Beginning with the line containing "exists (m - \sum_t" and ending with the last line, repeat the records exactly.

[Opening Input section]

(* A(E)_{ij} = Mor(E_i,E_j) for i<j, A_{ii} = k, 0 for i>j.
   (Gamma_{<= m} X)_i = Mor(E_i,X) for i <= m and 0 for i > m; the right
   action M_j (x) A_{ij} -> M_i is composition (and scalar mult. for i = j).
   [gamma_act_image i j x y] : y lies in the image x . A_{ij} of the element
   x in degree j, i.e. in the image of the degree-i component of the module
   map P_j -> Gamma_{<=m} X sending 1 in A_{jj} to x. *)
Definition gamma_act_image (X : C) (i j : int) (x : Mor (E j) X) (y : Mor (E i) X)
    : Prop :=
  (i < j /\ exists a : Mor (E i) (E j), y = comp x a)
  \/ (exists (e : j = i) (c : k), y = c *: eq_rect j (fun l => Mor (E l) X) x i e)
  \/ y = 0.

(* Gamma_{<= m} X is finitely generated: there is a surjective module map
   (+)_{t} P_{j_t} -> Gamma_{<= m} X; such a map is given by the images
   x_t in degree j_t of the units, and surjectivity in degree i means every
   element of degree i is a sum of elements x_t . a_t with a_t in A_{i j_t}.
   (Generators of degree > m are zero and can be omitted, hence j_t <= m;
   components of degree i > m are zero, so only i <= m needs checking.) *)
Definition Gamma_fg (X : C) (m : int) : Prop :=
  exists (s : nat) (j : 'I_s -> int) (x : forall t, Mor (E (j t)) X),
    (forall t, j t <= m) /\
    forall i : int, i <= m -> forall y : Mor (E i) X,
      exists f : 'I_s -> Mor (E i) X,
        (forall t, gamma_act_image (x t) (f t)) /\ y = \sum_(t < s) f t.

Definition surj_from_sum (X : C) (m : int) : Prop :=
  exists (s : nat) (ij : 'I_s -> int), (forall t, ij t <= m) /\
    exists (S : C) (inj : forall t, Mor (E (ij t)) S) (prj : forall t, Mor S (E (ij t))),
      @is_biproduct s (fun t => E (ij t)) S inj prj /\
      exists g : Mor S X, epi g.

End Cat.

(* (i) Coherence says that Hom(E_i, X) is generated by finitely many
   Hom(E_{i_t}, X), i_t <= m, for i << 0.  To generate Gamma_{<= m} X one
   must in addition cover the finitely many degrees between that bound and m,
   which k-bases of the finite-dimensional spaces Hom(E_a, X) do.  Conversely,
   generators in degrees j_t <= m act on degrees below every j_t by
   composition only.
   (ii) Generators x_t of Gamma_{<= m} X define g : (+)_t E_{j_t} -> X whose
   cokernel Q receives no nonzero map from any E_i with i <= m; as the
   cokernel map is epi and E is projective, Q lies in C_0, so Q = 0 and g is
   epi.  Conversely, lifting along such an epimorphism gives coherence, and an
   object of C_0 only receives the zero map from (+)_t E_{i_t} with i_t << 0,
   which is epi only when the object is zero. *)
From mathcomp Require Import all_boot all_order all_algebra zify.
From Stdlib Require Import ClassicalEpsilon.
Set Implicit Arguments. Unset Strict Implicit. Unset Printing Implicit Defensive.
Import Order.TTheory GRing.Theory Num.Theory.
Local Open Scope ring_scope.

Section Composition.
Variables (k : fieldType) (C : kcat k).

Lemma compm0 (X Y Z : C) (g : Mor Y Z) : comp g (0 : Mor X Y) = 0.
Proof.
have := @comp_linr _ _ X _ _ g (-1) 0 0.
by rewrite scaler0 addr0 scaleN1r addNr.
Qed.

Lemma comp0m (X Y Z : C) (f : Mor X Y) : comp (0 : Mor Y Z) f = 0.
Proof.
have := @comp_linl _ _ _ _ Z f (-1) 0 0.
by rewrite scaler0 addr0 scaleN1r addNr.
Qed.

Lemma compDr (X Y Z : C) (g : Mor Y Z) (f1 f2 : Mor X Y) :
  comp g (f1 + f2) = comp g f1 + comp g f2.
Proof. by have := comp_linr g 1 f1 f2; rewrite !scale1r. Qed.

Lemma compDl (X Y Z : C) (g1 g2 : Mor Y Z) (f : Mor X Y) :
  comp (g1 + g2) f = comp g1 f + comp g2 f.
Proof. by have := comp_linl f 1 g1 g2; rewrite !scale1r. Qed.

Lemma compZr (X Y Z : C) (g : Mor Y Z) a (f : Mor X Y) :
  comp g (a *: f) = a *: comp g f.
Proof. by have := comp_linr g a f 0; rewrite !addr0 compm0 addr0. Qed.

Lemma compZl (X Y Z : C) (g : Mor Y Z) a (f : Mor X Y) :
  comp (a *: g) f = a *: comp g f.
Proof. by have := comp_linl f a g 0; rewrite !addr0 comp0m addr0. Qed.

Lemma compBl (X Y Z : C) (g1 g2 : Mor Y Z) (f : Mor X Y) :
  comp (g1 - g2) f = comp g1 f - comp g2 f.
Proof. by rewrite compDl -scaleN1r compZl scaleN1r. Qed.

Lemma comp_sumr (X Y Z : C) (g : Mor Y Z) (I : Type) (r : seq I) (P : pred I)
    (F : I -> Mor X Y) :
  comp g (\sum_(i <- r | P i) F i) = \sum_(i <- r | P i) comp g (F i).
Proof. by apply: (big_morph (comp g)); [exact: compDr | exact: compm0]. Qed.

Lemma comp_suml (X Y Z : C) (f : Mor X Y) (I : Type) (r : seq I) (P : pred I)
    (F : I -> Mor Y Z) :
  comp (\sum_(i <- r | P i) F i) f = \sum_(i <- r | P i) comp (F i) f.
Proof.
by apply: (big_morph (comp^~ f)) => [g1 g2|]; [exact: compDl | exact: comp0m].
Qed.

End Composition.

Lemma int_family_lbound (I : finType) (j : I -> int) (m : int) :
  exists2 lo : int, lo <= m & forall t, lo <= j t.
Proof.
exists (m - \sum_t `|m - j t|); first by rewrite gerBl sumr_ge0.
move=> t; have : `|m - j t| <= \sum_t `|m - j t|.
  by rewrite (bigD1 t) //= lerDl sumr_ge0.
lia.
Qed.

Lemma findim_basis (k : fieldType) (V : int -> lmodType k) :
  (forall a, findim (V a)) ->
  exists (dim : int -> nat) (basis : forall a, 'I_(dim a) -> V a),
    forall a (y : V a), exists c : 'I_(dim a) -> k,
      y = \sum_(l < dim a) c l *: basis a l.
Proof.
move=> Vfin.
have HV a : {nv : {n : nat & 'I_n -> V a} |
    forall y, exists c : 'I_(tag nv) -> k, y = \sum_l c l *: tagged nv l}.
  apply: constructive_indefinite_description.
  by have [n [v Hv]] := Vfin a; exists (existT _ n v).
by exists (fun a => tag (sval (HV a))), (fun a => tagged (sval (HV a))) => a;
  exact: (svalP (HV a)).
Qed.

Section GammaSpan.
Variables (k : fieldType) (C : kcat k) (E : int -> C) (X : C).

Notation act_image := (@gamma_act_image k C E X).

[Closing Input section]

» **Exercise solution**
exists (m - \sum_t `|m - j t|); first by rewrite gerBl sumr_ge0.
move=> t; have : `|m - j t| <= \sum_t `|m - j t|.
  by rewrite (bigD1 t) //= lerDl sumr_ge0.
lia.
Qed.

Lemma findim_basis (k : fieldType) (V : int -> lmodType k) :
  (forall a, findim (V a)) ->
  exists (dim : int -> nat) (basis : forall a, 'I_(dim a) -> V a),
    forall a (y : V a), exists c : 'I_(dim a) -> k,
      y = \sum_(l < dim a) c l *: basis a l.
Proof.
move=> Vfin.
have HV a : {nv : {n : nat & 'I_n -> V a} |
    forall y, exists c : 'I_(tag nv) -> k, y = \sum_l c l *: tagged nv l}.
  apply: constructive_indefinite_description.
  by have [n [v Hv]] := Vfin a; exists (existT _ n v).
by exists (fun a => tag (sval (HV a))), (fun a => tagged (sval (HV a))) => a;
  exact: (svalP (HV a)).
Qed.

Section GammaSpan.
Variables (k : fieldType) (C : kcat k) (E : int -> C) (X : C).

Notation act_image := (@gamma_act_image k C E X).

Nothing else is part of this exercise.